▸ **WHAT TO PRODUCE**:
Filter the entries and keep only the lines where the string "nontrivial" appears.
::: RECORD SET
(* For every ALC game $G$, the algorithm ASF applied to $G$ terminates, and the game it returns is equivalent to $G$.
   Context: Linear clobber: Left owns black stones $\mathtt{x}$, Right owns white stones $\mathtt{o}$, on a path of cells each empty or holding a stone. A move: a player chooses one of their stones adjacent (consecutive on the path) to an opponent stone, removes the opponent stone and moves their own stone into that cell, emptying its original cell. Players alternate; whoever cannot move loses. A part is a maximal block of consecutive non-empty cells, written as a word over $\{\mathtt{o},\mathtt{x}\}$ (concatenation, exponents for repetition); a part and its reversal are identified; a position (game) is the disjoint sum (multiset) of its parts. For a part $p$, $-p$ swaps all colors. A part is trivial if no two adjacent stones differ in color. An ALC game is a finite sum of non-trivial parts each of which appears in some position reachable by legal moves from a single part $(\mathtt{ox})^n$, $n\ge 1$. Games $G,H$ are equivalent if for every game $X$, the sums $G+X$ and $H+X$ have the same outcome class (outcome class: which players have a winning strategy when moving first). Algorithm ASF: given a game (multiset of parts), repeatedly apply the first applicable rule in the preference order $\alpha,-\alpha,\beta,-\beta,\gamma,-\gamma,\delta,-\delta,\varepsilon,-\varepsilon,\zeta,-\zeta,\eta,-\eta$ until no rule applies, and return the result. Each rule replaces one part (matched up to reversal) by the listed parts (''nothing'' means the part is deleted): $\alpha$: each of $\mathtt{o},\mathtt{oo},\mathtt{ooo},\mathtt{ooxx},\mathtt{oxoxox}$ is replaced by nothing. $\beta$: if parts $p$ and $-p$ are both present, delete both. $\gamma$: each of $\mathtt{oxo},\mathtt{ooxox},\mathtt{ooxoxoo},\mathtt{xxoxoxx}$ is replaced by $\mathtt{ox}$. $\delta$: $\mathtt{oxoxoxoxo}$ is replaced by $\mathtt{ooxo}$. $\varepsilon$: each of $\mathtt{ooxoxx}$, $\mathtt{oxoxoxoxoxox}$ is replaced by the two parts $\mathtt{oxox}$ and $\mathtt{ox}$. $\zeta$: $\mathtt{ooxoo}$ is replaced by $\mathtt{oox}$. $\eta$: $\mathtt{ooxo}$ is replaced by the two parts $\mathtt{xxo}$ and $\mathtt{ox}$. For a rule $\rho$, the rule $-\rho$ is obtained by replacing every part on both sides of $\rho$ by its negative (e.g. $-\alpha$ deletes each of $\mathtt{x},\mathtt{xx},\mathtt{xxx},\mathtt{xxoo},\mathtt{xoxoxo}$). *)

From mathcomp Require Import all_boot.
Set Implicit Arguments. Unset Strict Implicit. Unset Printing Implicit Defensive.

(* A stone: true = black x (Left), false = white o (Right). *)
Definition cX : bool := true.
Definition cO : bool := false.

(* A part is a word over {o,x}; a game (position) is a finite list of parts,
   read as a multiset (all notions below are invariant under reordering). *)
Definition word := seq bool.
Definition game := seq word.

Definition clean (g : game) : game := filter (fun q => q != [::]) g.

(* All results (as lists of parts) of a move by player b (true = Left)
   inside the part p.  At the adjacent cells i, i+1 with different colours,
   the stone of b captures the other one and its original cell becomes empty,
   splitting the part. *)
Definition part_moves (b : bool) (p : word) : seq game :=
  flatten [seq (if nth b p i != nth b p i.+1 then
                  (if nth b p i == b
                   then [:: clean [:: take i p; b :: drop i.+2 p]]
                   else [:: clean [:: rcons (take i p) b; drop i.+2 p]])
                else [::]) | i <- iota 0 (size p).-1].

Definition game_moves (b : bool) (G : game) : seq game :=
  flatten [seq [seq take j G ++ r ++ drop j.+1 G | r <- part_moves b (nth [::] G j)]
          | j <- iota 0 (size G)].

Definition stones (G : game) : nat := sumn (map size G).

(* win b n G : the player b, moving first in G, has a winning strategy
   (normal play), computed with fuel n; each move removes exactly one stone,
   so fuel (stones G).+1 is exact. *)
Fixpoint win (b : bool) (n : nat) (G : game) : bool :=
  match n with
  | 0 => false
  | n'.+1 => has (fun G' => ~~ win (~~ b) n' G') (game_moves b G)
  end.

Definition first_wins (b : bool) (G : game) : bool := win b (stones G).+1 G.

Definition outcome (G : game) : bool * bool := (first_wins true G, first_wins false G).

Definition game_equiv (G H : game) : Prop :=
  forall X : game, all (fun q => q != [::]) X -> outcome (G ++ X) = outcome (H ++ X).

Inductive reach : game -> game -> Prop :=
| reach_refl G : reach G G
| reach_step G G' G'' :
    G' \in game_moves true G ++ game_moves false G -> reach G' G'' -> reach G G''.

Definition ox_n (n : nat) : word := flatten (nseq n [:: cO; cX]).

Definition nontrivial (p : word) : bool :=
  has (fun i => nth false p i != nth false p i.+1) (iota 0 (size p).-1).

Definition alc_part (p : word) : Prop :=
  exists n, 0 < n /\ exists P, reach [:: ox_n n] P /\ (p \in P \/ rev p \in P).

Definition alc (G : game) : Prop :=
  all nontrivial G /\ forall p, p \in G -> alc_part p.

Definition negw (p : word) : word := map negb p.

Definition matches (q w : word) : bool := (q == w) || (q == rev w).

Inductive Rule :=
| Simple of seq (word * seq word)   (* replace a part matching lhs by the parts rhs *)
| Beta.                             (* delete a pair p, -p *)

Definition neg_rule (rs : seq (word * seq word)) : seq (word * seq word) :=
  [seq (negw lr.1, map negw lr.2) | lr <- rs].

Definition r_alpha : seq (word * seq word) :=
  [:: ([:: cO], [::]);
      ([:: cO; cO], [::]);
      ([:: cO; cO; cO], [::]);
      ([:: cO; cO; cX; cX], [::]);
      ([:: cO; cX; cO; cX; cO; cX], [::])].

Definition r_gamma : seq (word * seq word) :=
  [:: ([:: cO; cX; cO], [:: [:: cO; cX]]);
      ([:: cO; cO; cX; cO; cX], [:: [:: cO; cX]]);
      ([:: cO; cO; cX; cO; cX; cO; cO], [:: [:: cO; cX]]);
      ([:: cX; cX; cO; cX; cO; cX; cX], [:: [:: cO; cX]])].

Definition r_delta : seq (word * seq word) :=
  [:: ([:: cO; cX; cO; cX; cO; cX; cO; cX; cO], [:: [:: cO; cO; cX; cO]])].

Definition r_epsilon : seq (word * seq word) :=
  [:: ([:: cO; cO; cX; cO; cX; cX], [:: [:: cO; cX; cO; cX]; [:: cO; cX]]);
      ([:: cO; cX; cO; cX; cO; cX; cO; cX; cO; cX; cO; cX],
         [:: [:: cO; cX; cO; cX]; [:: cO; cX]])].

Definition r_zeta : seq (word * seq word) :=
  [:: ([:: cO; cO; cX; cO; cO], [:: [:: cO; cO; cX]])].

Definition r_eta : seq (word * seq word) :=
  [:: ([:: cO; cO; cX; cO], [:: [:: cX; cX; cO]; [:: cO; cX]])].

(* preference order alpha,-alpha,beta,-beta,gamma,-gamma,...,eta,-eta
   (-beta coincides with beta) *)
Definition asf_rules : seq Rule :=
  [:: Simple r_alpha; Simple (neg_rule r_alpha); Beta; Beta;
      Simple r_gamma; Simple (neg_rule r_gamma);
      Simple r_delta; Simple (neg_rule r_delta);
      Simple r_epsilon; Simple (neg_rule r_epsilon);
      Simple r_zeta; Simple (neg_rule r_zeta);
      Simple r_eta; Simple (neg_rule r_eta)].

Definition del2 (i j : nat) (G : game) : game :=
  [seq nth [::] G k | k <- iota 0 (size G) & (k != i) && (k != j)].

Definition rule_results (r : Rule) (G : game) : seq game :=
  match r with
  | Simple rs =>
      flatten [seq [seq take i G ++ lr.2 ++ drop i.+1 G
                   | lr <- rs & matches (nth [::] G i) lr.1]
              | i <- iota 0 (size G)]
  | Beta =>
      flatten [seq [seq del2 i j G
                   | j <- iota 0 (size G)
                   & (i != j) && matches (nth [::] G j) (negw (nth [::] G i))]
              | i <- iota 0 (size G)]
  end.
::::::
▸ **REPLY TO THE EXERCISE**:
Definition nontrivial (p : word) : bool :=
  all nontrivial G /\ forall p, p \in G -> alc_part p.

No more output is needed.